Sometimes I'd read your entries and I'd think, "Damn, Dave - you're irritated a lot."

A few weeks ago, a friend of mine posted a very good video on microaggression as mosquito stings. A single mosquito bite is no big deal to a person who isn't attractive to mosquitoes, but to a person who smells good to mosquitoes and gets bitten frequently - even just the high pitched buzz of one can be enough to elicit a negative response.

Now . . . I think. "Damn, Dave puts up with a lot of mosquitoes."

Ron Arnold said...

The video: https://www.youtube.com/watch?v=hDd3bzA7450

Andrea Shettle, MSW said...

Ron, I think this is the first I've heard of microaggressions being compared to mosquito stings -- though if it works, then sure I guess you could make that comparison.

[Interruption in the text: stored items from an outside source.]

(* Let $C>0$ and $Q\in\mathbb{N}$. There is a constant $C'>0$ depending only on $C$ and $Q$ such that for every image $I$ of width $w\geqslant2$ and every strip pattern set $\mathcal{L}$ of width $C$ and density $Q$ on $I$, $r(\mathcal{L})\leqslant C'w$.
   Context: Image: an image of width $w\geqslant2$ and height $h\geqslant1$ is a set of pixels identified with the integer points $(x,y)$, $x\in\{0,\dots,w-1\}$, $y\in\{0,\dots,h-1\}$. A pattern is a nonempty subset of the image; a pattern set is a nonempty set of distinct patterns. For a pattern set $\mathcal{T}$, $S(\mathcal{T})=|\mathcal{T}|\cdot|\bigcap_{T\in\mathcal{T}}T|$ and $r(\mathcal{T})=\max_{\varnothing\neq\mathcal{R}\subseteq\mathcal{T}}S(\mathcal{R})$. Strips: for a line $l$ and $C>0$, $s(l,C)=\{r\in\mathbb{R}^2\mid\rho(r,l)\leqslant C/2\}$, $\rho$ Euclidean distance. A line is mostly horizontal inclined to the right if it has equation $y=ax+b$ with $0\leqslant a\leqslant1$; it is integer at the image of width $w$ if $a=\frac{e}{w-1}$ for some $e\in\{0,\dots,w-1\}$. Patterns $T\in\mathcal{M}$ are $C$-parallel if there exist integer lines $l(T)$, $T\in\mathcal{M}$, all of the same slope, with $T\subset s(l(T),C)$ for all $T$. A pattern set $\mathcal{L}$ is a strip pattern set of width $C$ and density $Q$ if (1) every $L\in\mathcal{L}$ satisfies $L\subset s(l,C)$ for some integer line $l$, and (2) every $C$-parallel $\mathcal{M}\subseteq\mathcal{L}$ with $\bigcap_{L\in\mathcal{M}}L\neq\varnothing$ has $|\mathcal{M}|\leqslant Q$. *)

From HB Require Import structures.
From mathcomp Require Import all_boot all_order all_algebra.
From mathcomp Require Import reals.
Set Implicit Arguments. Unset Strict Implicit. Unset Printing Implicit Defensive.
Import Order.TTheory GRing.Theory Num.Theory.
Local Open Scope ring_scope.

Definition pixel (w h : nat) : finType := ('I_w * 'I_h)%type.

Section Defs.
Variable R : realType.

Definition dist_line (a b x y : R) : R :=
  `|y - a * x - b| / Num.sqrt (1 + a ^+ 2).

Definition int_slope (w e : nat) : R := e%:R / (w.-1)%:R.

Definition in_strip (w e : nat) (b C x y : R) : bool :=
  dist_line (int_slope w e) b x y <= C / 2.

Variables (w h : nat).

Definition pattern_in_strip (e : nat) (b C : R) (T : {set pixel w h}) : Prop :=
  forall p : pixel w h, p \in T ->
    in_strip w e b C (nat_of_ord p.1)%:R (nat_of_ord p.2)%:R.

(* L ⊂ s(l, C) for some integer (mostly horizontal, right-inclined) line l *)
Definition in_some_strip (C : R) (T : {set pixel w h}) : Prop :=
  exists e : nat, (e < w)%N /\ exists b : R, pattern_in_strip e b C T.

Definition C_parallel (C : R) (M : {set {set pixel w h}}) : Prop :=
  exists e : nat, (e < w)%N /\
    exists bT : {set pixel w h} -> R,
      forall T, T \in M -> pattern_in_strip e (bT T) C T.

Definition pattern_set (L : {set {set pixel w h}}) : Prop :=
  L != set0 /\ forall T, T \in L -> T != set0.

Definition strip_pattern_set (C : R) (Q : nat) (L : {set {set pixel w h}}) : Prop :=
  (forall T, T \in L -> in_some_strip C T) /\
  (forall M : {set {set pixel w h}}, M \subset L -> C_parallel C M ->
     \bigcap_(T in M) T != set0 -> (#|M| <= Q)%N).

End Defs.

Definition Sval (w h : nat) (T : {set {set pixel w h}}) : nat :=
  (#|T| * #|\bigcap_(P in T) P|)%N.

Definition rval (w h : nat) (T : {set {set pixel w h}}) : nat :=
  \max_(Rr in powerset T | Rr != set0) Sval Rr.

From HB Require Import structures.
From mathcomp Require Import all_boot all_order all_algebra.
From mathcomp Require Import reals boolp.
From mathcomp Require Import ring lra zify.
Set Implicit Arguments.
Unset Strict Implicit.
Unset Printing Implicit Defensive.
Import Order.TTheory GRing.Theory Num.Theory.
Local Open Scope ring_scope.

(* Fix a subfamily F of L whose patterns share a pixel, and one integer strip
   for each pattern.  A point of a strip of slope at most 1 lies within
   vertical distance C of its line, so each column of the common part of F
   holds at most N pixels for any integer N > 2C, and if that common part
   spans D + 1 columns it has at most (D + 1) N pixels.  Any two of the strips
   contain the two extreme common pixels, D columns apart, so their slopes
   e/(w-1) and e'/(w-1) satisfy |e - e'| D <= 4C(w-1).  Hence F uses at most
   4C(w-1)/D + 1 slopes (and at most w), and by density at most Q of its
   patterns share a slope; altogether |F| |cap F| <= Q N (4C + 2) w. *)

Lemma card_le_size_inj_in (T : finType) (U : eqType) (A : {pred T})
    (f : T -> U) (s : seq U) :
  {in A &, injective f} -> {in A, forall x, f x \in s} -> (#|A| <= size s)%N.
Proof.
move=> f_inj f_s; rewrite cardE -(size_map f).
apply: uniq_leq_size => [|_ /mapP[x + ->]]; last first.
  by rewrite mem_enum; apply: f_s.
rewrite map_inj_in_uniq ?enum_uniq // => x y.
by rewrite !mem_enum; apply: f_inj.
Qed.

Lemma eq_of_eqmodn (N a b : nat) :
  a = b %[mod N] -> (a < b + N)%N -> (b < a + N)%N -> a = b.
Proof.
wlog le_ba : a b / (b <= a)%N => [wlog_ba|].
  case: (leqP b a) => [/wlog_ba//|/ltnW /wlog_ba le_ab /esym *].
  by symmetry; apply: le_ab.
move=> /eqP + lt_ab _; rewrite eqn_mod_dvd // => dvd_ab.
have [/eqP|lt0] := posnP (a - b)%N; first by rewrite subn_eq0 => le_ab; lia.
by move: dvd_ab; rewrite gtnNdvd //; lia.
Qed.

Section StripGeometry.
Variable R : realType.

Lemma int_slope_ge0 (w e : nat) : 0 <= int_slope R w e.
Proof. by rewrite divr_ge0. Qed.

Lemma int_slope_le1 (w e : nat) : (e < w)%N -> int_slope R w e <= 1.
Proof.
rewrite /int_slope; have [w1|w_gt1] := leqP w 1.
  by move=> _; rewrite (_ : w.-1 = 0%N) ?invr0 ?mulr0 //; lia.
by move=> e_lt_w; rewrite ler_pdivrMr ?ltr0n ?mul1r ?ler_nat; lia.
Qed.

Lemma vdist_le_dist_line (a b x y : R) :
  0 <= a <= 1 -> `|y - a * x - b| <= 2 * dist_line a b x y.
Proof.
case/andP=> a_ge0 a_le1; rewrite /dist_line.
have sqrt_gt0 : 0 < Num.sqrt (1 + a ^+ 2) by rewrite sqrtr_gt0; nra.
have sqrt_le2 : Num.sqrt (1 + a ^+ 2) <= 2.
  rewrite -[leRHS](@ger0_norm _ 2) // -sqrtr_sqr ler_wsqrtr //; nra.
by rewrite mulrA ler_pdivlMr // mulrC ler_wpM2r.
Qed.

Lemma in_strip_vdist (w e : nat) (b C x y : R) : (e < w)%N ->
  in_strip w e b C x y -> `|y - int_slope R w e * x - b| <= C.
Proof.
move=> e_lt_w; rewrite /in_strip => strip.
have slope01 : 0 <= int_slope R w e <= 1.
  by rewrite int_slope_ge0 int_slope_le1.
by have := vdist_le_dist_line b x y slope01; lra.
Qed.

(* (a - a') (xq - xp) is a signed sum of the four vertical offsets. *)
Lemma slope_gap (a a' b b' C xp yp xq yq : R) :
  `|yp - a * xp - b| <= C -> `|yq - a * xq - b| <= C ->
  `|yp - a' * xp - b'| <= C -> `|yq - a' * xq - b'| <= C ->
  `|a - a'| * `|xq - xp| <= 4 * C.
Proof.
move=> /ler_normlP[? ?] /ler_normlP[? ?] /ler_normlP[? ?] /ler_normlP[? ?].
have -> : `|a - a'| * `|xq - xp| =
    `|(yq - a' * xq - b' - (yp - a' * xp - b'))
      - (yq - a * xq - b - (yp - a * xp - b))|.
  by rewrite -normrM; congr `|_|; ring.
by apply/ler_normlP; split; lra.
Qed.

Section Pixels.
Variables w h : nat.
Implicit Types (T : {set pixel w h}) (p q : pixel w h).

Lemma pattern_in_strip_subset (e : nat) (b C : R) T T' :
  T' \subset T -> pattern_in_strip e b C T -> pattern_in_strip e b C T'.
Proof. by move=> /subsetP sub_T'T strip p /sub_T'T; apply: strip. Qed.

Lemma card_strip_le (e lo hi N : nat) (b C : R) T : (e < w)%N ->
  2 * C < N%:R -> pattern_in_strip e b C T ->
  {in T, forall p, lo <= p.1 <= hi}%N -> (#|T| <= (hi - lo).+1 * N)%N.
Proof.
move=> e_lt_w N_gt2C strip x_range.
have vdist p : p \in T ->
    `|(p.2 : nat)%:R - int_slope R w e * (p.1 : nat)%:R - b| <= C.
  by move=> pT; apply: in_strip_vdist e_lt_w (strip p pT).
have := @card_le_size_inj_in _ _ (mem T) (fun p => ((p.1 : nat), (p.2 %% N)%N))
  [seq (x, r) | x <- iota lo (hi - lo).+1, r <- iota 0 N].
rewrite size_allpairs !size_iota; apply.
  move=> [x y] [x' y'] /vdist + /vdist + /= [eq_x eq_mod].
  rewrite eq_x /= => /ler_normlP[? ?] /ler_normlP[? ?].
  have eq_y : (y : nat) = y'.
    by apply: (eq_of_eqmodn eq_mod); rewrite -(ltr_nat R) natrD; lra.
  by congr pair; apply: val_inj.
move=> p pT; have N_gt0 : (0 < N)%N.
  have C_ge0 : 0 <= C := le_trans (normr_ge0 _) (vdist p pT).
  by rewrite -(ltr0n R); lra.
apply: allpairs_f; rewrite mem_iota ?ltn_mod ?N_gt0 //.
by have := x_range p pT; lia.
Qed.

Lemma slope_gap_pixel (e e' : nat) (b b' C : R) T p q : (1 < w)%N ->
  (e < w)%N -> (e' < w)%N ->
  pattern_in_strip e b C T -> pattern_in_strip e' b' C T ->
  p \in T -> q \in T ->
  ((e - e') * (q.1 - p.1))%:R <= 4 * C * (w.-1)%:R.
Proof.
move=> w_gt1 e_lt_w e'_lt_w strip strip' pT qT.
have w1_gt0 : 0 < (w.-1)%:R :> R by rewrite ltr0n; lia.
have gap := slope_gap (in_strip_vdist e_lt_w (strip p pT))
  (in_strip_vdist e_lt_w (strip q qT)) (in_strip_vdist e'_lt_w (strip' p pT))
  (in_strip_vdist e'_lt_w (strip' q qT)).
have C_ge0 : 0 <= C.
  exact: le_trans (normr_ge0 _) (in_strip_vdist e_lt_w (strip p pT)).
have [le_e'e|lt_ee'] := leqP e' e; last first.
  by rewrite (_ : e - e' = 0)%N ?mul0n ?mulr_ge0 //; lia.
have [le_pq|lt_qp] := leqP p.1 q.1; last first.
  by rewrite (_ : q.1 - p.1 = 0)%N ?muln0 ?mulr_ge0 //; lia.
rewrite natrM !natrB //.
have -> : (e%:R - e'%:R) * ((q.1 : nat)%:R - (p.1 : nat)%:R) =
    (int_slope R w e - int_slope R w e') * ((q.1 : nat)%:R - (p.1 : nat)%:R) *
    (w.-1)%:R :> R.
  by rewrite /int_slope -mulrBl mulrAC mulfVK // gt_eqF.
by rewrite ler_pM2r //; apply: le_trans gap; rewrite -normrM ler_norm.
Qed.

End Pixels.
End StripGeometry.

Lemma mul_card_extent_le (R : realType) (C : R) (g s d w : nat) : 0 <= C ->
  (g <= s.+1)%N -> (g <= w)%N -> (d < w)%N ->
  (s * d)%:R <= 4 * C * (w.-1)%:R -> (g * d.+1)%:R <= (4 * C + 2) * w%:R.
Proof.
move=> C_ge0 g_le_s1 g_le_w d_lt_w sd_le.
have gd_le : (g * d.+1 <= s * d + d + w)%N by nia.
have w1_le_w : (w.-1)%:R <= w%:R :> R by rewrite ler_nat leq_pred.
have d_le_w : d%:R <= w%:R :> R by rewrite ler_nat ltnW.
apply: le_trans (_ : (s * d + d + w)%:R <= _); first by rewrite ler_nat.
by rewrite !natrD; nra.
Qed.

Section StripFamilies.
Variables (R : realType) (w h : nat) (C : R) (Q : nat).
Implicit Types (T : {set pixel w h}) (F L : {set {set pixel w h}}).

Lemma exists_strip_choice L : (0 < w)%N ->
  (forall T, T \in L -> in_some_strip C T) ->
  exists (e : {set pixel w h} -> 'I_w) (b : {set pixel w h} -> R),
    forall T, T \in L -> pattern_in_strip (e T) (b T) C T.
Proof.
move=> w_gt0 L_strips.
have /choice[eb ebP] : forall T, exists eb : 'I_w * R,
    T \in L -> pattern_in_strip eb.1 eb.2 C T.
  move=> T; have [/L_strips[e [e_lt_w [b strip]]]|_] := boolP (T \in L).
    by exists (Ordinal e_lt_w, b).
  by exists (Ordinal w_gt0, 0).
by exists (fun T => (eb T).1), (fun T => (eb T).2).
Qed.

Lemma card_le_slopes_mul F L (e : {set pixel w h} -> 'I_w)
    (b : {set pixel w h} -> R) :
  strip_pattern_set C Q L -> F \subset L ->
  (forall T, T \in L -> pattern_in_strip (e T) (b T) C T) ->
  \bigcap_(T in F) T != set0 -> (#|F| <= #|e @: F| * Q)%N.
Proof.
move=> [_ dense] /subsetP FL strips /set0Pn[p /bigcapP capF].
rewrite -sum1_card (partition_big e (mem (e @: F))) /=; last first.
  by move=> T; apply: imset_f.
rewrite -sum_nat_const; apply: leq_sum => s _; rewrite sum1dep_card.
apply: dense.
- by apply/subsetP => T; rewrite inE => /andP[/FL].
- exists s; split; first exact: ltn_ord.
  by exists b => T; rewrite inE => /andP[/FL/strips + /eqP <-].
- apply/set0Pn; exists p; apply/bigcapP => T.
  by rewrite inE => /andP[/capF].
Qed.

Lemma Sval_strip_le (N : nat) L F : (1 < w)%N -> 0 <= C -> 2 * C < N%:R ->
  strip_pattern_set C Q L -> F \subset L ->
  (Sval F)%:R <= (Q * N)%:R * ((4 * C + 2) * w%:R).
Proof.
move=> w_gt1 C_ge0 N_gt2C Lspat FL.
have [e [b strips]] := exists_strip_choice (ltnW w_gt1) Lspat.1.
rewrite /Sval; set I := \bigcap_(T in F) T.
have [->|[p0 p0I]] := set_0Vmem I.
  by rewrite cards0 muln0 !mulr_ge0 //; lra.
have [F0|[T0 T0F]] := set_0Vmem F; first by rewrite F0 cards0 !mulr_ge0 //; lra.
have I_strip T : T \in F -> pattern_in_strip (e T) (b T) C I.
  move=> TF; apply: pattern_in_strip_subset (bigcap_inf _ TF) _.
  exact: strips (subsetP FL T TF).
set G := e @: F; have e0G : e T0 \in G by apply: imset_f.
have [pm pmI pmP] := arg_minnP (fun p : pixel w h => (p.1 : nat)) p0I.
have [pM pMI pMP] := arg_maxnP (fun p : pixel w h => (p.1 : nat)) p0I.
have [_ /imsetP[T1 T1F ->] emP] := arg_minnP (fun s : 'I_w => (s : nat)) e0G.
have [_ /imsetP[T2 T2F ->] eMP] := arg_maxnP (fun s : 'I_w => (s : nat)) e0G.
have cardI : (#|I| <= (pM.1 - pm.1).+1 * N)%N.
  apply: card_strip_le (ltn_ord (e T0)) N_gt2C (I_strip T0 T0F) _ => p pI.
  by apply/andP; split; [exact: pmP | exact: pMP].
have cardG : (#|G| <= (e T2 - e T1).+1)%N.
  have := @card_le_size_inj_in _ _ (mem G) (@nat_of_ord w)
    (iota (e T1) (e T2 - e T1).+1).
  rewrite size_iota; apply.
    by move=> s s' _ _; apply: ord_inj.
  move=> s sG; rewrite mem_iota.
  by have := emP s sG; have : (s <= e T2)%N := eMP s sG; lia.
have gap : ((e T2 - e T1) * (pM.1 - pm.1))%:R <= 4 * C * (w.-1)%:R.
  exact: slope_gap_pixel w_gt1 (ltn_ord _) (ltn_ord _) (I_strip _ T2F)
    (I_strip _ T1F) pmI pMI.
have cardF : (#|F| <= #|G| * Q)%N.
  by apply: card_le_slopes_mul Lspat FL strips _; apply/set0Pn; exists p0.
have G_le_w : (#|G| <= w)%N by have := max_card G; rewrite card_ord.
have extent_lt_w : (pM.1 - pm.1 < w)%N by have := ltn_ord pM.1; lia.
apply: le_trans (_ : _ <= (#|G| * (pM.1 - pm.1).+1 * (Q * N))%:R) _.
  by rewrite ler_nat mulnACA leq_mul.
rewrite natrM mulrC ler_wpM2l //.
exact: mul_card_extent_le C_ge0 cardG G_le_w extent_lt_w gap.
Qed.

End StripFamilies.

Theorem lemma3 (R : realType) (C : R) (Q : nat) :
  0 < C ->
  exists C' : R, 0 < C' /\
    forall (w h : nat), (2 <= w)%N -> (1 <= h)%N ->
    forall L : {set {set pixel w h}},
      pattern_set L -> strip_pattern_set C Q L ->
      (rval L)%:R <= C' * w%:R.
Proof.
move=> C_gt0; pose N := Num.Def.archi_bound (2 * C).
have N_gt2C : 2 * C < N%:R by apply: archi_boundP; lra.
have QN_ge0 : 0 <= (Q * N)%:R * (4 * C + 2) by rewrite mulr_ge0 //; lra.
exists ((Q * N)%:R * (4 * C + 2) + 1); split; first lra.
move=> w h w_gt1 _ L _ Lspat; rewrite /rval.
apply: (big_ind (fun n : nat => n%:R <= _)) => [|m n|F].
- by rewrite mulr_ge0 //; lra.
- by rewrite /maxn; case: ifP.
rewrite powersetE => /andP[FL _].
apply: le_trans (Sval_strip_le w_gt1 (ltW C_gt0) N_gt2C Lspat FL) _.
by rewrite mulrA ler_wpM2r // mulrDl mul1r lerDl.
Qed.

I've also heard of microaggressions being compared to Chinese water torture -- where one drop of water drips onto you, and then another and another and another. Or, they've also been compared to pin pricks, where you are accidentally pricked with a pin, and then another and another. Each one in isolation is nothing, if it were just one, or even five or 10, it wouldn't be a big deal. You would just shake it off and move on. But when you experience the same thing 30, 50, 100 times and more, then there's a cumulative effect, and that's what makes it so stressful.

I know this is what I feel about many of the microaggressions that I experience too. Since I am a deaf walking woman who is overweight but not as large as Dave, the particular microaggressions that I experience are not the same as the ones Dave experiences. But, yes, when these things keep happening it can get quite irritating and frustrating.

Unknown said...

Many disabled people really are alone, unloved, forced out of 'normal' society and all those other pitiful stereotypes that you dismiss because they're not your own fortunate experience. It isnt an unreasonable fear/prejudice in able bodied minds, its the actual reality many of us live.